More recently, in 2023, LR and MoDem deputies reacted to a bill on the restitution of cultural property looted during the war and in which the expression “Vichy regime” appeared. In an amendment, the parliamentarians called for replacing it with “government of the French state born from the vote of July 10, 1940”.
A strategic choice, not political
For the successive mayors of Vichy, these debates are based on the same idea: the expression “Vichy regime” would be misleading because it associates the city with a political choice that it never made. In 1940, Pétain’s government moved to Vichy not for ideological reasons, but for practical reasons. The town in fact had numerous hotels that could accommodate ministries and it benefited from a central position and a good rail network. Furthermore, Pierre Laval, right-hand man of Marshal Pétain, owned a residence nearby, in Châteldon.
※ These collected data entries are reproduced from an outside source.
(* Let $K\ge2$ and $T\ge1$. Suppose arms $A_1,A_2,\dots\in[K]$ are chosen by any (possibly randomized, history-dependent) rule, and in each round $t$, given the past and $A_t$, $B_t$ is drawn uniformly from $[K]\setminus\{A_t\}$. Let $Z_t^a=\sum_{s=1}^t\mathbb 1(B_s=a)$. Then \[ \mathbb E\Big[\max_{a\in[K]}Z_{T-1}^a\Big]\le\frac{T-1}{K-1}+\sqrt{\frac T2\ln\!\big(\sqrt T(K-1)\big)}+2\sqrt T . \]
   Context: $[K]=\{1,\dots,K\}$. *)

From Stdlib Require Import Reals List Arith.
Import ListNotations.
Open Scope R_scope.

Definition arms (K : nat) : list nat := List.seq 1 K.

Definition lsum {A : Type} (l : list A) (f : A -> R) : R :=
  fold_right Rplus 0 (map f l).

(* A history is the chronological list of pairs (A_s, B_s). *)
Definition history := list (nat * nat).

(* A randomized, history-dependent arm-selection rule:
   pi h a = probability of choosing arm a in the next round given history h. *)
Definition policy := history -> nat -> R.

Definition is_policy (K : nat) (pi : policy) : Prop :=
  (forall h a, 0 <= pi h a) /\ (forall h, lsum (arms K) (pi h) = 1).

(* Expectation of f(history after n more rounds), starting from history h:
   A_t ~ pi h, then B_t uniform on [K] \ {A_t}. *)
Fixpoint expval (K : nat) (pi : policy) (n : nat) (h : history)
    (f : history -> R) : R :=
  match n with
  | O => f h
  | S n' =>
      lsum (arms K) (fun a =>
        pi h a *
        lsum (filter (fun b => negb (Nat.eqb b a)) (arms K)) (fun b =>
          / INR (K - 1) * expval K pi n' (h ++ [(a, b)]) f))
  end.

Definition Zcount (h : history) (a : nat) : nat :=
  length (filter (fun p => Nat.eqb (snd p) a) h).

Definition maxZ (K : nat) (h : history) : nat :=
  fold_right Nat.max 0%nat (map (Zcount h) (arms K)).

(* For each arm a, the count Z^a minus its compensator (the sum of the one-round
   probabilities (1 - pi(a)) / (K - 1) that B_s = a) is a martingale M^a, and the
   compensator is at most n / (K - 1) after n rounds.  The sum of squares
   V = sum_a (M^a)^2 grows in expectation by at most 2 per round, since the
   squared increments sum to at most 2, and max_a |M^a| <= sqrt V.  Using
   sqrt V <= c / 2 + V / (2 c) with c = sqrt T keeps the argument linear in V,
   giving E[max_a Z^a_{T-1}] <= (T - 1) / (K - 1) + c / 2 + (T - 1) / c, which is
   below the claimed bound even without its logarithmic term. *)

From Stdlib Require Import Reals List Arith Lra Lia.
Import ListNotations.
Open Scope R_scope.

Lemma lsum_nil {A} (f : A -> R) : lsum [] f = 0.
Proof. reflexivity. Qed.
(* For an arbitrary sequence of instances $\{\mathcal{I}_N\}$ of the binary voting game, let $\Sigma_N$ be a sincere strategy profile in $\mathcal{I}_N$. Then $\lim_{N\to\infty}A(\Sigma_N)=1$ if and only if there is a sequence $\varepsilon_N\to0$ such that for every $N$, $\Sigma_N$ is an $\varepsilon_N$-strong Bayes Nash Equilibrium.
   Context: Binary voting game. An instance has $N$ agents each voting for $\mathbf{A}$ or $\mathbf{R}$. Unobserved world state $W\in\{L,H\}$ with common prior $P_L,P_H>0$. Conditional on $W$, each agent independently receives a signal $S_n\in\{l,h\}$ with $P_{sw}=\Pr[S_n=s\mid W=w]$, $P_{hH}>P_{hL}$, $P_{lH}<P_{lL}$. With threshold $\mu\in(0,1)$, $\mathbf{A}$ wins iff at least $\mu N$ agents vote $\mathbf{A}$, else $\mathbf{R}$ wins. Agent $n$ has utility $v_n:\{L,H\}\times\{\mathbf{A},\mathbf{R}\}\to\{0,\dots,B\}$ ($B$ fixed) with $v_n(H,\mathbf{A})>v_n(L,\mathbf{A})$, $v_n(H,\mathbf{R})<v_n(L,\mathbf{R})$. Every agent is friendly ($v_n(H,\mathbf{A})>v_n(L,\mathbf{A})>v_n(L,\mathbf{R})>v_n(H,\mathbf{R})$), unfriendly ($v_n(L,\mathbf{R})>v_n(H,\mathbf{R})>v_n(H,\mathbf{A})>v_n(L,\mathbf{A})$) or contingent ($v_n(H,\mathbf{A})>v_n(H,\mathbf{R})$, $v_n(L,\mathbf{R})>v_n(L,\mathbf{A})$), with counts $\lfloor\alpha_FN\rfloor$, $\lfloor\alpha_UN\rfloor$, rest, for fixed $\alpha$'s summing to 1 with $\alpha_F<\mu$, $\alpha_U<1-\mu$ (informed majority decision: $\mathbf{A}$ in $H$, $\mathbf{R}$ in $L$). A sequence of instances: $\mathcal{I}_N$ has $N$ agents, all share $\mu$, prior, signal distribution, $\alpha$'s; utilities arbitrary. A strategy gives, for each signal, a probability of voting $\mathbf{A}$. Sincere profile: for each agent $n$ and signal $s$, with $u_n(\mathbf{X}\mid s)=\Pr[W=L\mid S_n=s]v_n(L,\mathbf{X})+\Pr[W=H\mid S_n=s]v_n(H,\mathbf{X})$ (posterior by Bayes' rule), agent $n$ on signal $s$ votes $\mathbf{A}$ if $u_n(\mathbf{A}\mid s)>u_n(\mathbf{R}\mid s)$ and $\mathbf{R}$ otherwise. $\lambda^{\mathbf{X}}_w(\Sigma)$: ex-ante probability that $\mathbf{X}$ wins in state $w$. Fidelity $A(\Sigma)=P_L\lambda^{\mathbf{R}}_L(\Sigma)+P_H\lambda^{\mathbf{A}}_H(\Sigma)$. Expected utility $u_n(\Sigma)=\sum_wP_w(\lambda^{\mathbf{A}}_w(\Sigma)v_n(w,\mathbf{A})+\lambda^{\mathbf{R}}_w(\Sigma)v_n(w,\mathbf{R}))$. $\Sigma$ is an $\varepsilon$-strong Bayes Nash Equilibrium if there is no set $D$ of agents and profile $\Sigma'$ with $\sigma'_n=\sigma_n$ for $n\notin D$, $u_n(\Sigma')\ge u_n(\Sigma)$ for all $n\in D$ and $u_n(\Sigma')>u_n(\Sigma)+\varepsilon$ for some $n\in D$. *)

From mathcomp Require Import all_boot all_order all_algebra.
From mathcomp Require Import all_classical all_reals all_analysis.
Set Implicit Arguments. Unset Strict Implicit. Unset Printing Implicit Defensive.
Import Order.TTheory GRing.Theory Num.Theory.
Local Open Scope ring_scope.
But the choice could have been elsewhere. Before settling in Vichy, the government had taken several steps. He first settled in Tours for a few days, then in Bordeaux for about two weeks. Before establishing its headquarters in Allier, Clermont-Ferrand had also been considered. The town, inhabited mainly by a working population and whose local newspaper, La Montagne, had positioned itself against the armistice, was ultimately not accepted.
The political debate around terminology being far from over, Vichy also sought to distance itself from this image by other means. Even though the city was the capital of the French state from 1940 to 1944, the period of the Second World War occupies a limited place there. For example, no museum specifically dedicated to this period has been opened there.
Since the 1990s, the city has also engaged in a strategy aimed at highlighting its thermal activity. This orientation was reinforced in 2021 by its inclusion on the UNESCO world heritage list under the title of “Great water towns of Europe”. A distinction which allows Vichy to promote another past of the city, more touristy, less tormented.